Experimental example 1
In a 1 L autoclave (reactor), 10.29 g of 2-phenyl-2-propanol containing 89% by weight of cyclohexanone oxime, 89.74 g of toluene, and 3.0 g of a palladium / alumina catalyst were placed. After replacing the gas phase in the reactor with nitrogen, the pressure was increased to 0.8 MPa (gauge pressure) with hydrogen gas, and the temperature was raised to 200 ° C. with stirring. After completion of the temperature rise, the reaction was continued for 6 hours, and the extracted reaction solution was analyzed by gas chromatography. The conversion of 2-phenyl-2-propanol was 99.6% and the selectivity for cumene was 88. The yield of cumene was 58.1%.

Experimental example 2
In a 1 L autoclave (reactor), 10.50 g of 2-phenyl-2-propanol containing 89% by weight of cyclohexanone oxime, 89.50 g of toluene, and 3.0 g of a palladium / alumina catalyst were added. After replacing the gas phase in the reactor with nitrogen, the pressure was increased to 0.8 MPa (gauge pressure) with hydrogen gas, and the temperature was raised to 200 ° C. with stirring. After completion of the temperature rise, the reaction was continued for 6 hours, and the extracted reaction solution was analyzed by gas chromatography. The conversion of 2-phenyl-2-propanol was 19.3% and the selectivity for cumene was 79. The yield of cumene was 0% and 15.2%.

Claims (5)

The following steps (1) to (5),
(1): a step of obtaining cumene hydroperoxide by oxidizing cumene;
(2): A reaction mixture containing oxime and 2-phenyl-2-propanol is obtained by subjecting cumene hydroperoxide obtained in step (1), ammonia, and a ketone to an ammoximation reaction in the presence of a catalyst. Obtaining step,
(3): recovering 2-phenyl-2-propanol having an oxime concentration of 4.0% by weight or less from the reaction mixture obtained in step (2),
(4): A step of obtaining cumene by hydrogenating 2-phenyl-2-propanol having an oxime concentration of 4.0% by weight or less obtained in step (3) in the presence of a catalyst;
(5): a step of recycling at least a part of cumene obtained in step (4) to step (1);
The manufacturing method of the oxime characterized by including.

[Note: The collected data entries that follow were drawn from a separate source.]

(* Let $\mathcal{X}$ be a nonempty finite set, let $k$ be a strong kernel on $\mathcal{X}$, and let $(T,w)$ be a hierarchy on $\mathcal{X}$ inducing $k$. Let $n\in\mathbb{N}$ and let $X,Y\subseteq\mathcal{X}$ with $|X|=|Y|=n$. Then $$K^k_{\mathfrak{B}}(X,Y)=\sum_{v\in V(T)}\omega(v)\cdot\min\{|X_v|,|Y_v|\}=K_{\sqcap}\big(H^k(X),H^k(Y)\big).$$
   Context: A rooted tree is a finite tree $T$ with a distinguished root vertex $r$. For a vertex $v$, its parent $p(v)$ is the vertex following $v$ on the unique path from $v$ to $r$, with the convention $p(r)=r$. The ancestors of $v$ are the vertices on the path from $v$ to $r$ (including $v$ and $r$); the depth of $v$ is the number of edges on this path. The lowest common ancestor $\mathrm{LCA}(u,v)$ is the unique vertex of maximum depth that is an ancestor of both $u$ and $v$. A hierarchy on a set $\mathcal{X}$ is a pair $(T,w)$ where $T$ is a rooted tree whose set of leaves is exactly $\mathcal{X}$, and $w:V(T)\to\mathbb{R}_{\ge 0}$ satisfies $w(v)\ge w(p(v))$ for all $v\in V(T)$. The kernel induced by $(T,w)$ is $k(x,y)=w(\mathrm{LCA}(x,y))$ for $x,y\in\mathcal{X}$. A strong kernel on a set $\mathcal{X}$ is a symmetric function $k:\mathcal{X}\times\mathcal{X}\to\mathbb{R}_{\ge 0}$ such that $k(x,y)\ge\min\{k(x,z),k(z,y)\}$ for all $x,y,z\in\mathcal{X}$. Given a hierarchy $(T,w)$ with root $r$, the additive weight $\omega:V(T)\to\mathbb{R}_{\ge0}$ is $\omega(v)=w(v)-w(p(v))$ for $v\ne r$ and $\omega(r)=w(r)$. For $X\subseteq\mathcal{X}$ and $v\in V(T)$, $X_v$ denotes the set of elements of $X$ that are leaves of the subtree of $T$ rooted at $v$ (i.e. elements of $X$ having $v$ as an ancestor). The histogram of $X$ is the vector $H^k(X)\in\mathbb{R}^{V(T)}$ with $[H^k(X)]_v=\omega(v)\cdot|X_v|$. The histogram intersection kernel on $\mathbb{R}^t$ is $K_\sqcap(g,h)=\sum_{i=1}^t\min\{g_i,h_i\}$. For $X,Y$ of equal cardinality, $\mathfrak{B}(X,Y)$ is the set of all bijections between $X$ and $Y$ (viewed as sets of pairs $(x,y)$), and the optimal assignment kernel is $K^k_{\mathfrak{B}}(X,Y)=\max_{B\in\mathfrak{B}(X,Y)}\sum_{(x,y)\in B}k(x,y)$. *)

From HB Require Import structures.
From mathcomp Require Import all_boot all_order all_algebra.
Set Implicit Arguments. Unset Strict Implicit. Unset Printing Implicit Defensive.
Import Order.TTheory GRing.Theory Num.Theory.
Local Open Scope ring_scope.

Section Defs.
Variable V : finType.
Variable p : V -> V. (* parent function *)
Variable r : V.

Definition rooted_tree : Prop :=
  p r = r /\ forall v : V, exists m : nat, iter m p v = r.

Definition ancestor (u v : V) : bool :=
  [exists i : 'I_#|V|.+1, iter i p v == u].

(* depth = number of edges on the path from v to r
   = (number of vertices on that path) - 1 *)
Definition depth (v : V) : nat := #|[set u | ancestor u v]|.-1.

Definition is_lca (u a b : V) : Prop :=
  [/\ ancestor u a, ancestor u b &
      forall c, ancestor c a -> ancestor c b -> (depth c <= depth u)%N].

Definition leaf (v : V) : bool := [forall u, (p u == v) ==> (u == v)].

Variable R : realFieldType.
Variable w : V -> R.

Definition weight_ok : Prop := forall v, 0 <= w v /\ w (p v) <= w v.

Definition omega (v : V) : R := if v == r then w r else w v - w (p v).

Variable Xt : finType.
Variable f : Xt -> V. (* identification of the ground set with the leaves *)

Definition leaves_are : Prop :=
  injective f /\ forall v : V, leaf v <-> exists x : Xt, f x = v.

Definition induces (k : Xt -> Xt -> R) : Prop :=
  forall x y u, is_lca u (f x) (f y) -> k x y = w u.

Definition subX (X : {set Xt}) (v : V) : {set Xt} :=
  [set x in X | ancestor v (f x)].

Definition histogram (X : {set Xt}) : {ffun V -> R} :=
  [ffun v => omega v * (#|subX X v|)%:R].

End Defs.

Definition Kcap (I : finType) (R : realFieldType) (g h : {ffun I -> R}) : R :=
  \sum_(i : I) Num.min (g i) (h i).

Definition strong_kernel (Xt : finType) (R : realFieldType)
    (k : Xt -> Xt -> R) : Prop :=
  (forall x y, k x y = k y x) /\ (forall x y, 0 <= k x y) /\
  (forall x y z, Num.min (k x z) (k z y) <= k x y).

(* B is a bijection between X and Y, viewed as a set of pairs *)
Definition is_bij (Xt : finType) (X Y : {set Xt}) (B : {set Xt * Xt}) : bool :=
  [&& B \subset setX X Y,
      [forall x in X, #|[set b in B | b.1 == x]| == 1%N] &
      [forall y in Y, #|[set b in B | b.2 == y]| == 1%N]].

(* optimal assignment kernel; the max is taken with initial value 0,
   harmless since kernel values are nonnegative and the bijection set is
   nonempty when |X| = |Y| *)
Definition KB (Xt : finType) (R : realFieldType) (k : Xt -> Xt -> R)
    (X Y : {set Xt}) : R :=
  \big[Num.max/0]_(B : {set Xt * Xt} | is_bij X Y B) \sum_(b in B) k b.1 b.2.

From HB Require Import structures.
From mathcomp Require Import all_boot all_order all_algebra.
From mathcomp Require Import zify.
Set Implicit Arguments.
Unset Strict Implicit.
Unset Printing Implicit Defensive.

Import Order.TTheory GRing.Theory Num.Theory.
Local Open Scope ring_scope.

(** Telescoping the additive weights along the path to the root gives
    k(x,y) = w(LCA(x,y)) = sum of omega(v) over the common ancestors v of x
    and y.  Hence a bijection B is worth the sum over v of omega(v) times the
    number of pairs of B lying below v, and that number is at most
    min(|X_v|, |Y_v|).  Greedily matching a pair (x,y) with the most common
    ancestors (a deepest LCA) and recursing attains this bound at every vertex
    at once: if v lies above x but not above y, then no other element of Y lies
    below v, since it would share strictly more ancestors with x. *)

Section Bijections.
Variable T : finType.

Lemma card_le_inj_on (U : finType) (A : {set U}) (S : {set T}) (g : U -> T) :
  {in A &, injective g} -> {in A, forall a, g a \in S} -> (#|A| <= #|S|)%N.
Proof.
move=> g_inj gAS; rewrite -(card_in_imset g_inj).
by apply/subset_leq_card/subsetP => _ /imsetP[a aA ->]; exact: gAS.
Qed.

Definition unique_fibres (U : finType) (g : U -> T) (B : {set U}) (X : {set T}) :=
  [forall x in X, #|[set b in B | g b == x]| == 1%N].

Lemma unique_fibres_inj (U : finType) (g : U -> T) (B : {set U}) (X : {set T}) :
  {in B, forall b, g b \in X} -> unique_fibres g B X -> {in B &, injective g}.
Proof.
move=> gBX /forallP fib b1 b2 b1B b2B eq_g.
have /cards1P[z fibre_z] := implyP (fib (g b1)) (gBX _ b1B).
have : b1 \in [set b in B | g b == g b1] by rewrite inE b1B eqxx.
have : b2 \in [set b in B | g b == g b1] by rewrite inE b2B eq_g eqxx.
by rewrite fibre_z !inE => /eqP -> /eqP ->.
Qed.

Lemma unique_fibres_setU1 (U : finType) (g : U -> T) (B : {set U})
    (X : {set T}) b0 :
  {in B, forall b, g b \in X :\ g b0} -> unique_fibres g B (X :\ g b0) ->
  unique_fibres g (b0 |: B) X.
Proof.
move=> gB /forallP fib; apply/forallP => x; apply/implyP => xX; apply/cards1P.
have [<-|neq_x] := eqVneq (g b0) x.
  exists b0; apply/setP => b; rewrite !inE.
  have [->|_] := eqVneq b b0; first by rewrite eqxx.
  apply/negbTE/andP => -[bB /eqP eq_gb].
  by move: (gB b bB); rewrite eq_gb !inE eqxx.
have xX' : x \in X :\ g b0 by rewrite !inE eq_sym neq_x.
have /cards1P[z fibre_z] := implyP (fib x) xX'.
exists z; rewrite -fibre_z; apply/setP => b; rewrite !inE.
by have [->|] := eqVneq b b0; rewrite ?(negbTE neq_x) ?andbF.
Qed.

Lemma is_bij0 : is_bij (set0 : {set T}) set0 set0.
Proof.
by apply/and3P; split; [exact: sub0set | |]; apply/forallP => x; rewrite inE.
Qed.

Lemma is_bij_setU1 (X Y : {set T}) (B : {set T * T}) x y : x \in X -> y \in Y ->
  is_bij (X :\ x) (Y :\ y) B -> is_bij X Y ((x, y) |: B).
Proof.
move=> xX yY /and3P[sub_B fib1 fib2].
have B_XY b : b \in B -> b.1 \in X :\ x /\ b.2 \in Y :\ y.
  by move=> /(subsetP sub_B); rewrite inE => /andP.
apply/and3P; split.
- apply/subsetP => b; rewrite in_setU1 => /predU1P[-> | /B_XY[]].
    by rewrite inE xX yY.
  by rewrite !inE => /andP[_ ->] /andP[_ ->].
- by apply: (unique_fibres_setU1 (g := fst)) => // b /B_XY[].
- by apply: (unique_fibres_setU1 (g := snd)) => // b /B_XY[].
Qed.

End Bijections.

Section RootedTree.
Variables (V : finType) (p : V -> V) (r : V).

Lemma ancestorE u v : ancestor p u v = fconnect p v u.
Proof.
apply/existsP/idP => [[i /eqP <-]|vu]; first exact: fconnect_iter.
have lt_idx : (findex p v u < #|V|.+1)%N.
  exact: leq_trans (findex_max vu) (leqW (max_card _)).
by exists (Ordinal lt_idx); rewrite iter_findex.
Qed.

Lemma ancestorP u v : reflect (exists i, iter i p v = u) (ancestor p u v).
Proof.
rewrite ancestorE; apply: (iffP idP) => [vu|[i <-]]; last exact: fconnect_iter.
by exists (findex p v u); exact: iter_findex.
Qed.

Lemma ancestor_refl v : ancestor p v v.
Proof. by apply/ancestorP; exists 0%N. Qed.

Lemma ancestor_trans a b c : ancestor p a b -> ancestor p b c -> ancestor p a c.
Proof.
move=> /ancestorP[i <-] /ancestorP[j <-]; apply/ancestorP.
by exists (i + j)%N; rewrite iterD.
Qed.

Lemma ancestor_total a b c :
  ancestor p a c -> ancestor p b c -> ancestor p a b || ancestor p b a.
Proof.
move=> /ancestorP[i <-] /ancestorP[j <-]; apply/orP.
have [le_ij|lt_ji] := leqP i j.
  by right; apply/ancestorP; exists (j - i)%N; rewrite -iterD subnK.
by left; apply/ancestorP; exists (i - j)%N; rewrite -iterD subnK // ltnW.
Qed.

Lemma ancestor_parent u v : ancestor p u v = (u == v) || ancestor p u (p v).
Proof.
apply/ancestorP/orP => [[[|i] hi]|[/eqP->|/ancestorP[i hi]]].
- by left; apply/eqP; rewrite -hi.
- by right; apply/ancestorP; exists i; rewrite -iterSr.
- by exists 0%N.
- by exists i.+1; rewrite iterSr.
Qed.

Definition common_anc (a b : V) : {set V} :=
  [set c | ancestor p c a && ancestor p c b].

Lemma common_ancC a b : common_anc a b = common_anc b a.
Proof. by apply/setP => c; rewrite !inE andbC. Qed.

Step (4) includes the following steps (4a) and (4b),
(4a): a step of obtaining α-methylstyrene by dehydrating 2-phenyl-2-propanol having an oxime concentration of 4.0% by weight or less obtained in step (3) in the presence of a dehydration catalyst;
(4b): a step of hydrogenating the α-methylstyrene obtained in step (4a) in the presence of a hydrogenation catalyst to obtain cumene,
The manufacturing method of Claim 1 which attaches | subjects the cumene obtained by the process (4b) to a process (5).   The production method according to claim 1 or 2, wherein the catalyst used in step (2) is a catalyst containing titanium and silicon oxide.   The production method according to claim 1, wherein the ketone is a cycloalkanone.   The production method according to claim 4, wherein the cycloalkanone is cyclohexanone.